Em 13 de outubro de 2025, a Comissão Nacional de Desenvolvimento e Reforma (NDRC) divulgou as "Medidas para a Implementação de Metas de Proporção Mínima para o Consumo de Energias Renováveis e o Sistema de Responsabilidade pelo Consumo de Eletricidade de Fontes Renováveis (Projeto para Consulta Pública)" (doravante denominadas "Medidas") para solicitar opiniões públicas。 O documento esclareceu as metas de proporção mínima para o consumo de energias renováveis pelos usuários de energia e as regras de formulação, monitoramento e avaliação dos pesos de responsabilidade pelo consumo de eletricidade de fontes renováveis nas regiões administrativas de nível provincial。 Ele fornece garantias institucionais para a aplicação em larga escala de energias renováveis (incluindo a produção de hidrogênio, amônia e álcoois a partir de fontes renováveis), auxiliando na consecução das metas "duplo carbono"。
Pela primeira vez, as "Medidas" detalharam as metas de proporção mínima para o consumo de energias renováveis em duas categorias: consumo de eletricidade e consumo não elétrico。 A meta de consumo não elétrico inclui explicitamente "a produção de hidrogênio, amônia e álcoois a partir de fontes renováveis" e padroniza seus métodos de contabilização。 Paralelamente, continua e aprimora o sistema de pesos de responsabilidade pelo consumo de eletricidade de fontes renováveis para as regiões provinciais, esclarecendo as responsabilidades de entidades como empresas de rede elétrica e usuários de eletricidade, construindo assim um quadro político para a utilização abrangente de energias renováveis em todos os cenários。
I。 Produção de Hidrogênio, Amônia e Álcoois a Partir de Fontes Renováveis Ganha Posicionamento Político Claro; Metas de Consumo Não Elétrico Abrem Espaço para Desenvolvimento
As "Medidas" incorporaram formalmente "a produção de hidrogênio, amônia e álcoois a partir de fontes renováveis" no âmbito dasmetas de proporção mínima para consumo não elétricode energias renováveis。 Juntamente com o aquecimento (refrigeração) por fontes renováveis e os biocombustíveis, eles constituem as áreas centrais do consumo não elétrico。 Isso marca a primeira vez que seu papel importante na transição energética foi esclarecido no nível institucional nacional, fornecendo uma base política para o desenvolvimento industrial deste campo。

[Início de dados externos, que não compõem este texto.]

(* Maximality: a member h with mu g <= mu h, where g = 1 + m t on its support [0,c],
   equals g.  Here the weight is c - t: g^(n-1) dominates h^(n-1) on [0,c]. *)
Lemma max_core (h g : R -> R) (b c : R) : inH M m n h b -> inH M m n g c ->
  (forall t, 0 <= t <= c -> g t = 1 + m * t) -> mu n g c <= mu n h b ->
  b = c /\ h = g.
Proof.
intros HH HG Hg Hmu. pose proof (mem_b HG) as Hc.
assert (Hsign : forall t, 0 < t -> 0 <= (c - t) * (g t ^ (n - 1) - h t ^ (n - 1))).
{ intros t Ht.
  pose proof (pow_le _ (n - 1) (mem_nonneg HH t)). pose proof (pow_le _ (n - 1) (mem_nonneg HG t)).
  destruct (Rle_or_lt t c) as [Htc|Htc].
  - apply Rmult_le_pos; [lra|].
    destruct (Rle_or_lt t b) as [Htb|Htb].
    + enough (h t ^ (n - 1) <= g t ^ (n - 1)) by lra.
      apply pow_incr. rewrite Hg by lra.
      split; [apply (mem_nonneg HH)|apply (mem_upper HH); lra].
    + rewrite (mem_F_zero Hn HH) by exact Htb. lra.
  - rewrite (mem_F_zero Hn HG) by exact Htc. nra. }
destruct (crossing_principle g h c b c HG HH Hsign) as [-> ->];
  [apply Rmult_le_compat_l; lra|].
split; reflexivity.
Qed.

Lemma min_bound (h0 : R -> R) (c : R) : inH M m n h0 c ->
  (forall t, 0 <= t <= c -> h0 t = 1 + - / c * t) ->
  forall h b, inH M m n h b -> mu n h0 c <= mu n h b.
Proof.
intros H0 Hh0 h b HH. apply Rnot_lt_le. intros Hlt.
destruct (min_core h h0 b c HH H0 Hh0 ltac:(lra)) as [-> ->]. lra.
Qed.

Lemma max_bound (g : R -> R) (c : R) : inH M m n g c ->
  (forall t, 0 <= t <= c -> g t = 1 + m * t) ->
  forall h b, inH M m n h b -> mu n h b <= mu n g c.
Proof.
intros HG Hg h b HH. apply Rnot_lt_le. intros Hlt.
destruct (max_core h g b c HH HG Hg ltac:(lra)) as [-> ->]. lra.
Qed.

(* Necessity: if m < 0, a member lies below the profile 1 + m t, whose support is
   [0, -1/m], so its first moment M is at most that of the profile. *)
Lemma moment_bound (h : R -> R) (b : R) : inH M m n h b -> m < 0 ->
  M <= (- / m) ^ 2 / (INR n * INR (n + 1)).
Proof.
intros HH Hm. pose proof (mem_b HH) as Hb.
set (c := - / m).
assert (Hc : 0 < c) by (unfold c; pose proof (Rinv_lt_0_compat m Hm); lra).
assert (Hmc : m = - / c) by (unfold c; field; lra).
assert (Hline : forall t, 0 <= t <= c -> 0 <= 1 + m * t).
{ intros t Ht. rewrite Hmc.
  assert (/ c * t <= 1); [|lra].
  apply Rmult_le_reg_l with c; [lra|]. rewrite <- Rmult_assoc, Rinv_r; lra. }
assert (Hbc : b <= c).
{ pose proof (mem_upper HH b ltac:(lra)). pose proof (mem_nonneg HH b).
  assert (c * - m = 1) by (unfold c; field; lra).
  apply Rmult_le_reg_r with (- m); [lra|]. nra. }
pose proof (triangle_moment n c ltac:(lia) Hc) as Htri. rewrite <- Hmc in Htri.
apply (is_RInt_le _ _ 0 c _ _ ltac:(lra) (mem_moment Hn HH c Hbc) Htri).
intros t Ht. apply Rmult_le_compat_l; [lra|].
destruct (Rle_or_lt t b) as [Htb|Htb].
- apply pow_incr. split; [apply (mem_nonneg HH)|apply (mem_upper HH); lra].
- rewrite (mem_F_zero Hn HH) by exact Htb. apply pow_le, Hline. lra.
Qed.

End Comparison.

Lemma support_intro (h : R -> R) (b : R) : 0 < b ->
  (forall x, ~ (0 <= x <= b) -> h x = 0) -> (forall x, 0 <= x < b -> 0 < h x) ->
  support_is h b.
Proof.
intros Hb Hz Hp x. split.
- intros Hcl. apply NNPP. intros Hx.
  (* a point outside [0,b] has a neighbourhood of radius dist(x,[0,b]) where h = 0 *)
  set (r := Rmax (- x) (x - b)).
  assert (Hr : 0 < r) by (unfold r, Rmax; destruct (Rle_dec (- x) (x - b)); lra).
  destruct (Hcl r Hr) as [y [Hy1 Hy2]].
  rewrite Hz in Hy1; [lra|]. intros Hy. apply Rabs_def2 in Hy2.
  unfold r, Rmax in Hy2. destruct (Rle_dec (- x) (x - b)); lra.
- intros Hx eps Heps. destruct (Rlt_or_le x b) as [H|H].
  + exists x. split; [apply Hp; lra|]. rewrite Rminus_diag, Rabs_R0. lra.
  + exists (Rmax 0 (b - eps / 2)). pose proof (Rmax_l 0 (b - eps / 2)).
    pose proof (Rmax_r 0 (b - eps / 2)).
    assert (Rmax 0 (b - eps / 2) < b) by (unfold Rmax; destruct (Rle_dec 0 (b - eps / 2)); lra).
    split; [apply Hp; lra|]. apply Rabs_def1; lra.
Qed.
(* Define a sequence $\gamma(0),\gamma(1),\gamma(2),\dots$ by $\gamma(0)=0$ and recursively $$\gamma(2^l-k)=\frac{2^l+2(-1)^l}{3}-k+2\gamma(k)\qquad (l\ge 0,\ 0\le k\le 2^{l-1}).$$ For $n\ge0$ let $P(n)$ be the $n\times n$ matrix with entries $\binom{i+j}{i}$, $0\le i,j<n$, and $\chi_n(t)=\det(tI(n)-P(n))$. Then for all $n\in\mathbf{N}$, $$\chi_n(t)\equiv (t+1)^{\gamma(n)}(t^2+t+1)^{\gamma_2(n)}\pmod 2,$$ where $\gamma_2(n)=\frac12(n-\gamma(n))$.
   Context: $I(n)$ is the $n\times n$ identity matrix; the congruence is coefficientwise in $\mathbf{Z}[t]$. *)

From HB Require Import structures.
From mathcomp Require Import all_boot all_order all_algebra.
Set Implicit Arguments. Unset Strict Implicit. Unset Printing Implicit Defensive.
Import Order.TTheory GRing.Theory Num.Theory.
Local Open Scope ring_scope.

(* gamma satisfies gamma(0)=0 and, for all l >= 0 and 0 <= k <= 2^(l-1)
   (i.e. 2k <= 2^l, so that for l = 0 only k = 0 is allowed),
   gamma(2^l - k) = (2^l + 2(-1)^l)/3 - k + 2 gamma(k). *)
Definition gamma_rec (gamma : nat -> int) : Prop :=
  gamma 0%N = 0 /\
  forall l k : nat, (k.*2 <= 2 ^ l)%N ->
    gamma (2 ^ l - k)%N =
      (((2 ^ l)%:Z + 2 * (-1) ^+ l) %/ 3)%Z - k%:Z + 2 * gamma k.

Definition Pmat (n : nat) : 'M[int]_n := \matrix_(i < n, j < n) ('C(i + j, i))%:Z.

Definition chi (n : nat) : {poly int} := char_poly (Pmat n).

Definition cong2 (p q : {poly int}) : Prop := forall i : nat, (2 %| p`_i - q`_i)%Z.
(* For every polytope $P$ and every instance $S=((s_1,d_1),\dots,(s_n,d_n))$, letting $m=\max_{t\le T}|\{i:s_i\le t\le d_i\}|$, we have $OPT_A(S;P)=Disp(m;P)$.
   Context: Distances are Euclidean; $\partial P$ is the boundary of $P$. $Disp(n;P)=\max_{X_1,\dots,X_n\in P}\min\{dis(X_i,\partial P),dis(X_i,X_j):i\ne j\}$. An instance has $s_i<d_i$, $0=s_1\le\dots\le s_n$; point $i$ is present at time $t$ iff $s_i\le t\le d_i$; $T=\max_id_i$. For $X\in P^n$, $d_{min}(t;X)=\min\{dis(X_i,\partial P),dis(X_i,X_j)\}$ over present points $i\ne j$ at time $t$, and $OPT_A(S;P)=\max_X\min_{t\le T}d_{min}(t;X)$. *)

From HB Require Import structures.
From mathcomp Require Import all_boot all_order all_algebra.
From mathcomp Require Import all_classical all_reals.
Set Implicit Arguments. Unset Strict Implicit. Unset Printing Implicit Defensive.
Import Order.TTheory GRing.Theory Num.Theory.
Local Open Scope ring_scope.
Local Open Scope classical_set_scope.

Section Dispersion.
Variables (R : realType) (dim : nat).
Notation pt := 'rV[R]_dim.

Definition edist (x y : pt) : R := Num.sqrt (\sum_(k < dim) (x 0 k - y 0 k) ^+ 2).

Definition polytope (P : set pt) : Prop :=
  exists (k : nat) (v : 'I_k.+1 -> pt),
    P = [set x | exists w : 'I_k.+1 -> R,
           (forall i, 0 <= w i) /\ \sum_i w i = 1 /\ x = \sum_i w i *: v i].

Definition boundary (P : set pt) : set pt :=
  [set x | forall e : R, 0 < e ->
     (exists y, P y /\ edist x y < e) /\ (exists y, ~ P y /\ edist x y < e)].

Definition dist_set (x : pt) (A : set pt) : R := inf [set edist x y | y in A].

(* Disp(n;P) = max over X in P^n of min{dis(X_i,dP), dis(X_i,X_j) : i <> j},
   written as the supremum of the values v below that min. *)
Definition Disp (n : nat) (P : set pt) : R :=
  sup [set v : R | exists X : 'I_n -> pt, (forall i, P (X i)) /\
        forall i, v <= dist_set (X i) (boundary P) /\
                  forall j, j != i -> v <= edist (X i) (X j)].

Definition present (n : nat) (s d : 'I_n -> R) (t : R) (i : 'I_n) : bool :=
  (s i <= t) && (t <= d i).

Definition horizon (n : nat) (d : 'I_n -> R) : R := \big[Num.max/0]_(i < n) d i.

Definition npresent (n : nat) (s d : 'I_n -> R) (t : R) : nat :=
  #|[set i | present s d t i]|.

(* OPT_A(S;P) = max_X min_{t <= T} d_min(t;X), written as the supremum of the
   values v below d_min(t;X) for every t <= T. *)
Definition OPT_A (n : nat) (s d : 'I_n -> R) (P : set pt) : R :=
  sup [set v : R | exists X : 'I_n -> pt, (forall i, P (X i)) /\
        forall t, t <= horizon d ->
        forall i, present s d t i ->
          v <= dist_set (X i) (boundary P) /\
          forall j, j != i -> present s d t j -> v <= edist (X i) (X j)].

End Dispersion.

(* At every moment at most m points are present, and the set of present
   points is a clique of the interval graph of the lifetimes [s_i, d_i].
   Interval graphs are perfect: colouring the intervals greedily by start time
   uses at most m colours, since an interval starting at time s_k conflicts only
   with earlier intervals still alive at s_k.  Placing point i at the position
   of colour c_i in an optimal dispersion of m points thus achieves Disp(m;P) at
   every moment; conversely, at a moment where m points are present, any online
   placement restricts to a placement of m points, so OPT_A <= Disp(m;P). *)
From HB Require Import structures.
From mathcomp Require Import all_boot all_order all_algebra.
From mathcomp Require Import all_classical all_reals.
Import Order.TTheory GRing.Theory Num.Theory.
Local Open Scope ring_scope.

Lemma horizon_ge {R : realType} {n : nat} (d : 'I_n -> R) (i : 'I_n) :
  d i <= horizon d.
Proof. exact: le_bigmax. Qed.

Section IntervalColoring.
Context {R : realType} {n m : nat} {s d : 'I_n -> R}.
Hypothesis s_sorted : forall i j : 'I_n, (i <= j)%N -> s i <= s j.
Hypothesis s_le_d : forall i, s i <= d i.
Hypothesis npresent_start_le : forall k, (npresent s d (s k) <= m)%N.

Lemma greedy_prefix_coloring {k : nat} : (k <= n)%N ->
  exists c : 'I_n -> 'I_m,
    forall i j : 'I_n, (i < j < k)%N -> s j <= d i -> c i != c j.
Proof.
have m_gt0 (k0 : 'I_n) : (0 < m)%N.
  apply: leq_trans (npresent_start_le k0); apply/card_gt0P.
  by exists k0; rewrite inE /present /= lexx s_le_d.
elim: k => [_ | k IHk lt_kn].
  by exists (fun i => Ordinal (m_gt0 i)) => i j; rewrite ltn0 andbF.
have [c c_ok] := IHk (ltnW lt_kn).
pose kk := Ordinal lt_kn.
pose A := [set i : 'I_n | (i < k)%N && (s kk <= d i)].
have card_A : (#|A| < m)%N.
  apply: leq_trans (npresent_start_le kk); apply: proper_card.
  apply/properP; split; last first.
    by exists kk; rewrite !inE /present /= ?lexx ?s_le_d ?ltnn.
  apply/fintype.subsetP => i; rewrite !inE /present /= => /andP[lt_ik le_kd].
  by rewrite le_kd andbT s_sorted // ltnW.
have [x] : exists x, x \in ~: (c @: A).
  apply/card_gt0P; rewrite -(ltn_add2l #|c @: A|) addn0 cardsC card_ord.
  exact: leq_ltn_trans (leq_imset_card c A) card_A.
rewrite inE => x_free.
exists (fun i => if i == kk then x else c i) => i j /andP[lt_ij lt_jk] le_sd.
have -> : (i == kk) = false.
  by apply/negbTE; rewrite -val_eqE /= neq_ltn (leq_trans lt_ij lt_jk).
case: (eqVneq j kk) => [eq_jk | ne_jk].
  apply: contraNneq x_free => <-; apply: imset_f.
  by rewrite inE -eq_jk le_sd andbT; move: lt_ij; rewrite eq_jk.
apply: c_ok le_sd; rewrite lt_ij /= ltn_neqAle -ltnS lt_jk andbT.
by rewrite -val_eqE in ne_jk.
Qed.

Lemma interval_coloring : exists c : 'I_n -> 'I_m,
  forall t i j, i != j -> present s d t i -> present s d t j -> c i != c j.
Proof.
have [c c_ok] := greedy_prefix_coloring (leqnn n).
exists c => t i j ne_ij /andP[si_t t_di] /andP[sj_t t_dj].
case: (ltngtP i j) => [lt_ij | lt_ji | eq_ij].
- by apply: c_ok (le_trans sj_t t_di); rewrite lt_ij ltn_ord.
- by rewrite eq_sym; apply: c_ok (le_trans si_t t_dj); rewrite lt_ji ltn_ord.
- by rewrite (val_inj eq_ij) eqxx in ne_ij.
Qed.

End IntervalColoring.

Local Open Scope classical_set_scope.

Section PlacementValues.
Context {R : realType} {dim : nat} (P : set 'rV[R]_dim).

Definition dispersion_values (m : nat) : set R :=
  [set v : R | exists X : 'I_m -> 'rV[R]_dim, (forall i, P (X i)) /\
     forall i, v <= dist_set (X i) (boundary P) /\
               forall j, j != i -> v <= edist (X i) (X j)].

Definition online_values {n : nat} (s d : 'I_n -> R) : set R :=
  [set v : R | exists X : 'I_n -> 'rV[R]_dim, (forall i, P (X i)) /\
     forall t, t <= horizon d ->
     forall i, present s d t i ->
       v <= dist_set (X i) (boundary P) /\
       forall j, j != i -> present s d t j -> v <= edist (X i) (X j)].

Lemma online_values_sub_dispersion {n : nat} (s d : 'I_n -> R) (t : R) :
  t <= horizon d -> online_values s d `<=` dispersion_values (npresent s d t).
Proof.
move=> le_tT v [X [XP X_ok]].
pose e (k : 'I_(npresent s d t)) : 'I_n := enum_val k.
have e_present k : present s d t (e k) by have := enum_valP k; rewrite inE.
exists (X \o e); split=> [k | k]; first exact: XP.
have [X_bd X_sep] := X_ok t le_tT (e k) (e_present k).
split=> // k' ne_k'k; apply: X_sep (e_present k').
by apply: contra ne_k'k => /eqP/enum_val_inj ->.
Qed.

Lemma dispersion_values_sub_online {n m : nat} {s d : 'I_n -> R}
    {c : 'I_n -> 'I_m} :
  (forall t i j, i != j -> present s d t i -> present s d t j -> c i != c j) ->
  dispersion_values m `<=` online_values s d.
Proof.
move=> c_proper v [Y [YP Y_ok]].
exists (Y \o c); split=> [i | t _ i i_present]; first exact: YP.
have [Y_bd Y_sep] := Y_ok (c i).
split=> // j ne_ji j_present; apply: Y_sep.
by apply: c_proper j_present i_present.
Qed.

End PlacementValues.

Theorem claim2 (R : realType) (dim : nat) (P : set 'rV[R]_dim)
  (hP : polytope P)
  (n : nat) (hn : (0 < n)%N) (s d : 'I_n -> R)
  (hsd : forall i, s i < d i)
  (hs0 : forall i : 'I_n, val i = 0%N -> s i = 0)
  (hsort : forall i j : 'I_n, (i <= j)%N -> s i <= s j)
  (m : nat)
  (hm_att : exists t, t <= horizon d /\ npresent s d t = m)
  (hm_max : forall t, t <= horizon d -> (npresent s d t <= m)%N) :
  OPT_A s d P = Disp m P.
Proof.
have s_le_d i : s i <= d i := ltW (hsd i).
have npresent_start_le k : (npresent s d (s k) <= m)%N.
  exact: hm_max (le_trans (s_le_d k) (horizon_ge d k)).
have [c c_proper] := interval_coloring hsort s_le_d npresent_start_le.
have [t [le_tT npresent_t]] := hm_att.
change (sup (online_values P s d) = sup (dispersion_values P m)).
congr sup; apply/seteqP; split.
- by rewrite -npresent_t; exact: online_values_sub_dispersion.
- exact: (dispersion_values_sub_online P c_proper).
Qed.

Do ponto de vista do cumprimento das metas, as "Medidas" especificam que as indústrias de consumo intensivo de energia podem atender às metas de consumo não elétrico por meio de métodos como "utilização abrangente, incluindo a produção de hidrogênio, amônia e álcoois a partir de fontes renováveis。"Isto significa que os projetos realizados por empresas relevantes para produção de hidrogênio, amônia e álcoois estarão diretamente vinculados a avaliações de políticas, o que deve estimular o entusiasmo de investimento em setores como o industrial e energético。 Por exemplo, indústrias de alto consumo energético, como químicos e siderurgia, podem implantar projetos de produção de hidrogênio baseados em energias renováveis para atender tanto às suas próprias necessidades de redução de emissões quanto aos indicadores de consumo não elétrico definidos pelas políticas, formando um ciclo virtuoso de "implementação de projetos — alcance de metas — redução de emissões e ganho de eficiência"。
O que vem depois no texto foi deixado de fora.